Exercise details: In the data below, find each line carrying the string "ltnP" and copy it out.

Stored data:
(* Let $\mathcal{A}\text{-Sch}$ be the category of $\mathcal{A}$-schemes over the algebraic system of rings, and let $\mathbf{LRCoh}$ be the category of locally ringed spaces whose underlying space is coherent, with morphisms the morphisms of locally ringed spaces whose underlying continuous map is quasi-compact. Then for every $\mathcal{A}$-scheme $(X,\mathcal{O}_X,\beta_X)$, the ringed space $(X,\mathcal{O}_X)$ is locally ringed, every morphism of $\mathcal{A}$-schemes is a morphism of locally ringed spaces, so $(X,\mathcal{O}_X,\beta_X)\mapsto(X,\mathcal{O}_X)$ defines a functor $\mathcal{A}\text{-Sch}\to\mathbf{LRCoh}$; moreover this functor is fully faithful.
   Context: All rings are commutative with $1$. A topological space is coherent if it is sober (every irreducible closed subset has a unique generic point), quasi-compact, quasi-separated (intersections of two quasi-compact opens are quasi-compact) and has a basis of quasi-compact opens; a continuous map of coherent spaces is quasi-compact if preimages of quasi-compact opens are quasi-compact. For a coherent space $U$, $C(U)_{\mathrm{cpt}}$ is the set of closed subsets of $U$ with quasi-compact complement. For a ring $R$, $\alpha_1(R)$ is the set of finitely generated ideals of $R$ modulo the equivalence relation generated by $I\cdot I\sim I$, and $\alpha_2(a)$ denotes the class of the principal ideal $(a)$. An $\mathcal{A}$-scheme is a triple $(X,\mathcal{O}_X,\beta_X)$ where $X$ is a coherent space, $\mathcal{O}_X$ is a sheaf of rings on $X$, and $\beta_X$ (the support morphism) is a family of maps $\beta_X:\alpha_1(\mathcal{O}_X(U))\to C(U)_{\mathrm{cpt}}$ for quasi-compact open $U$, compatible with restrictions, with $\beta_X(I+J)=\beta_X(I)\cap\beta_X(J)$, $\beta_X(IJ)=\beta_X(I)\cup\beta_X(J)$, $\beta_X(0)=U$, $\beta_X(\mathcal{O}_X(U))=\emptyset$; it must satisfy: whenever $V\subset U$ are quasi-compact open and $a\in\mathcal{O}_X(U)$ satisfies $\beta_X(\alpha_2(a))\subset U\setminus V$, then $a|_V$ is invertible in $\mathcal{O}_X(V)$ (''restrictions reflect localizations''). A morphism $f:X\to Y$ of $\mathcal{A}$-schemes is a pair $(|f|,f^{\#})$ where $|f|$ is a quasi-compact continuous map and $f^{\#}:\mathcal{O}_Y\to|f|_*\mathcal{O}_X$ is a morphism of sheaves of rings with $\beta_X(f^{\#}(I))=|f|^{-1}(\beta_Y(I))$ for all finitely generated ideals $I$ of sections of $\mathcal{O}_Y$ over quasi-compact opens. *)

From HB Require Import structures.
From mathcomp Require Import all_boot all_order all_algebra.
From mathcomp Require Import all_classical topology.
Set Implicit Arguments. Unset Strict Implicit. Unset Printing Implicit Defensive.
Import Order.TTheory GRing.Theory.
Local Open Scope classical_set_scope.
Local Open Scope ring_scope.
* * *
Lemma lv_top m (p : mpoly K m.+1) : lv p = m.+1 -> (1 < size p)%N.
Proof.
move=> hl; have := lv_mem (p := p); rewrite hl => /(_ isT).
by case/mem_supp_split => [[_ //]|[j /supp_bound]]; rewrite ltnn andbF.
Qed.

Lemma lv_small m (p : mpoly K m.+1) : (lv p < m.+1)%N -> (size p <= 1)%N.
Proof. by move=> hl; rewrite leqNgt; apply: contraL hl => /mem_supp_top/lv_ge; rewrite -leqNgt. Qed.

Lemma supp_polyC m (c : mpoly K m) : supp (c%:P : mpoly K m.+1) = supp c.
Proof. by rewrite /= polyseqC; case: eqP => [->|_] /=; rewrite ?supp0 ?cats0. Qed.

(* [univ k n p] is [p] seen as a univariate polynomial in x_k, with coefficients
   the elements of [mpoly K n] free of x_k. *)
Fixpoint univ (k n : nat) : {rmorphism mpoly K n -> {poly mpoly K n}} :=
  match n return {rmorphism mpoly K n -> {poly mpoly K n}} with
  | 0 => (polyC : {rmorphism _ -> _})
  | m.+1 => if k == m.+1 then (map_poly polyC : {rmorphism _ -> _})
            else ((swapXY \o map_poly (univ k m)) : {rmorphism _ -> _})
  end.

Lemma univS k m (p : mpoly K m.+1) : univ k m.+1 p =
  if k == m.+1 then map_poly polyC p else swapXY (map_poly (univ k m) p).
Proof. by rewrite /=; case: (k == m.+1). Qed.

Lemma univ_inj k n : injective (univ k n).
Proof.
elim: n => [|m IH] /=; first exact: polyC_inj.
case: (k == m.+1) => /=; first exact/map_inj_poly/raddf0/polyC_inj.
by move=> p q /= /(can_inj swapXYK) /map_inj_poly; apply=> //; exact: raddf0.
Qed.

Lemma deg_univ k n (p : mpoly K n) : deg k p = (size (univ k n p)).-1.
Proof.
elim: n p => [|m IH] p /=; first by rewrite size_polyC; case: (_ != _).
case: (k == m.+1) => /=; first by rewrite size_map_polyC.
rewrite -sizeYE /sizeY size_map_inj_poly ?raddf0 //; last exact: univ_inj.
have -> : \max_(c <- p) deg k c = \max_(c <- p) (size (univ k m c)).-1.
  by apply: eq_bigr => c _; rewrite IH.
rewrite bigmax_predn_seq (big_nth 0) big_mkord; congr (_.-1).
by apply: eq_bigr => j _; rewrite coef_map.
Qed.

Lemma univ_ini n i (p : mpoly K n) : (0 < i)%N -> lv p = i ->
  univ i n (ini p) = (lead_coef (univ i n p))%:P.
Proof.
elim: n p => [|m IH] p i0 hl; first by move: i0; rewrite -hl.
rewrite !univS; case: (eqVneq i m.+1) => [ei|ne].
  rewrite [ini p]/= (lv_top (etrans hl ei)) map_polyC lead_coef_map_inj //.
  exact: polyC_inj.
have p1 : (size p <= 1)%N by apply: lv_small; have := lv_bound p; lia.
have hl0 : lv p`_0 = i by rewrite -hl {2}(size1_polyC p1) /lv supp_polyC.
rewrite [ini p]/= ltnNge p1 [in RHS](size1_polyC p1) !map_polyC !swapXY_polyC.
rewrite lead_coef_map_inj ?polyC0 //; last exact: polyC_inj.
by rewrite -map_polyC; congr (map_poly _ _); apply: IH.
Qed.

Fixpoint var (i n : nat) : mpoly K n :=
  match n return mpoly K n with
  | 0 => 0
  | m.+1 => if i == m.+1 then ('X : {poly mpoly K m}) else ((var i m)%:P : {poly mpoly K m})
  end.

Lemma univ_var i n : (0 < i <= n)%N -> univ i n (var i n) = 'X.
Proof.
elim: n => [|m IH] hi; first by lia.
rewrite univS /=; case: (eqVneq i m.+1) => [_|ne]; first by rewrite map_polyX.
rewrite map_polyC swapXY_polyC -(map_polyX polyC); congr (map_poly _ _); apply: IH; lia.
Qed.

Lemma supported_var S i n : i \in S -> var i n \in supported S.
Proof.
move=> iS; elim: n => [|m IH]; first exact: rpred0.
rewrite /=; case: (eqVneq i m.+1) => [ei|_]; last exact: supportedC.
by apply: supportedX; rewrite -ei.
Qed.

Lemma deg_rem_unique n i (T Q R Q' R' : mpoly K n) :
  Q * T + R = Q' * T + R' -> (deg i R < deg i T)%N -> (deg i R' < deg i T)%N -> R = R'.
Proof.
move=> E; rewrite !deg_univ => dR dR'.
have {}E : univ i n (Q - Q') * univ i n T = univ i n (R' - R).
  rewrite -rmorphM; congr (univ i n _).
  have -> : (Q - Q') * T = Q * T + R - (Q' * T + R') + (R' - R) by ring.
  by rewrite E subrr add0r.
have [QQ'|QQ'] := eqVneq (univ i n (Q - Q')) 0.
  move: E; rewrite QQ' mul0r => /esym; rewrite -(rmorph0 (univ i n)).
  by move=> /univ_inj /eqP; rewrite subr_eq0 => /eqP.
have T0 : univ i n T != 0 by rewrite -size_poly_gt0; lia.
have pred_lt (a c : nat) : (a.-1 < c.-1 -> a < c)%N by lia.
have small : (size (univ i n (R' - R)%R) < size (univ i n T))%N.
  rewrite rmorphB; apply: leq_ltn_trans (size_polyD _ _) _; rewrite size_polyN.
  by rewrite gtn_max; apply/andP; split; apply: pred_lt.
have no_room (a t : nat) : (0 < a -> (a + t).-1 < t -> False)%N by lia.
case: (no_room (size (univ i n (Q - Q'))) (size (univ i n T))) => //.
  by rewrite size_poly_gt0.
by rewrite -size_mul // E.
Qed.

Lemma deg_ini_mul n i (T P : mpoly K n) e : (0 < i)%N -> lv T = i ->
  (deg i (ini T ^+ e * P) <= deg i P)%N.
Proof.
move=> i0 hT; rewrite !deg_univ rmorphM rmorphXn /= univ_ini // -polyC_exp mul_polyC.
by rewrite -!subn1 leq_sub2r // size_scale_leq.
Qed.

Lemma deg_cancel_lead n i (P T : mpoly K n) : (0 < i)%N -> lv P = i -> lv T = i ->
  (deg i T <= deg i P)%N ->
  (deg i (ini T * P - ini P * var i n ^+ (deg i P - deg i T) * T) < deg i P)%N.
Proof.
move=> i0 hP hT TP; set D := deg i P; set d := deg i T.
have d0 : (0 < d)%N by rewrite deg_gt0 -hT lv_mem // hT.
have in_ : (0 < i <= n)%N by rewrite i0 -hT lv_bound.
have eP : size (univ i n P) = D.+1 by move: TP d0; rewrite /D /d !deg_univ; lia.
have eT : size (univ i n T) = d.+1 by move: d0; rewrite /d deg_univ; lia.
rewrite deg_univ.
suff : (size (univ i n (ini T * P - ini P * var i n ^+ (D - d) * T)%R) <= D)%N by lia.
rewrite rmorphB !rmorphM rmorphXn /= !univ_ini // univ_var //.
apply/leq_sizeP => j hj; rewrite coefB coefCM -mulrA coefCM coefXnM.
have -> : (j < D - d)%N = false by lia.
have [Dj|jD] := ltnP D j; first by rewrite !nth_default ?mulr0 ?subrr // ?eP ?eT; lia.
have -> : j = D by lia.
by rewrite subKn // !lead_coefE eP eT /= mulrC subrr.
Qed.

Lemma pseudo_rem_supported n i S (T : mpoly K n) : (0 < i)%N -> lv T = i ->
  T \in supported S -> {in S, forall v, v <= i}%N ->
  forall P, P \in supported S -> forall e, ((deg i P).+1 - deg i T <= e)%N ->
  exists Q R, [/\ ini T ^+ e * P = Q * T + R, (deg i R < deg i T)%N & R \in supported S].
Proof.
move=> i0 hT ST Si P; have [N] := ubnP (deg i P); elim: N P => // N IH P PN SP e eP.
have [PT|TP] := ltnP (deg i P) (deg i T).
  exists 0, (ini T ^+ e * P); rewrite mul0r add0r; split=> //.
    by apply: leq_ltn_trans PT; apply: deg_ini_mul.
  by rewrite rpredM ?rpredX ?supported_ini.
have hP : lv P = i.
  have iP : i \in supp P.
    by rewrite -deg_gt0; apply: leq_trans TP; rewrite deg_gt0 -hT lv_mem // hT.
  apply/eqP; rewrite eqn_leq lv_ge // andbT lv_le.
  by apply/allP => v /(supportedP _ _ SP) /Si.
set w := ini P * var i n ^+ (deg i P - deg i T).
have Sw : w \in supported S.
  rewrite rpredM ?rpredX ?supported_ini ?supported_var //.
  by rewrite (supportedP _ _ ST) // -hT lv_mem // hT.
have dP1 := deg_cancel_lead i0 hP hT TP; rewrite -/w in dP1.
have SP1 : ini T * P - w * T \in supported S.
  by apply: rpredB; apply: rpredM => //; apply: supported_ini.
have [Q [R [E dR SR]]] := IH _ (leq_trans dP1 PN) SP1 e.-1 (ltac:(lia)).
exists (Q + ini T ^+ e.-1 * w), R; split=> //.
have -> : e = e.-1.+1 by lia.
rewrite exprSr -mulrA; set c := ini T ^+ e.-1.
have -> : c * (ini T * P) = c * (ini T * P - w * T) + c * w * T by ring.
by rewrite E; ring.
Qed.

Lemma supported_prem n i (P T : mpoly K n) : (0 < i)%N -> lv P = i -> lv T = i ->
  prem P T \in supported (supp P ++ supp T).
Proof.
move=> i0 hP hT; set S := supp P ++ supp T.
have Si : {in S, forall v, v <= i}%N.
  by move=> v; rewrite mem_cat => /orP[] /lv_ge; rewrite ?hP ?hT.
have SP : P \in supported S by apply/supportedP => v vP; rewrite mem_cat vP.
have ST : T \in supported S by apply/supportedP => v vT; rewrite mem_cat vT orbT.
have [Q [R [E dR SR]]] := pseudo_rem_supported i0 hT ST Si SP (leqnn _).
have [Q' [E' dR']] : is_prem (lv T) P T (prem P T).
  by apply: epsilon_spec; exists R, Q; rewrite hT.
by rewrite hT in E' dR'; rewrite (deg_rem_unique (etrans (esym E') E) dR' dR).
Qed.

Response area:
have [Dj|jD] := ltnP D j; first by rewrite !nth_default ?mulr0 ?subrr // ?eP ?eT; lia.
have [PT|TP] := ltnP (deg i P) (deg i T).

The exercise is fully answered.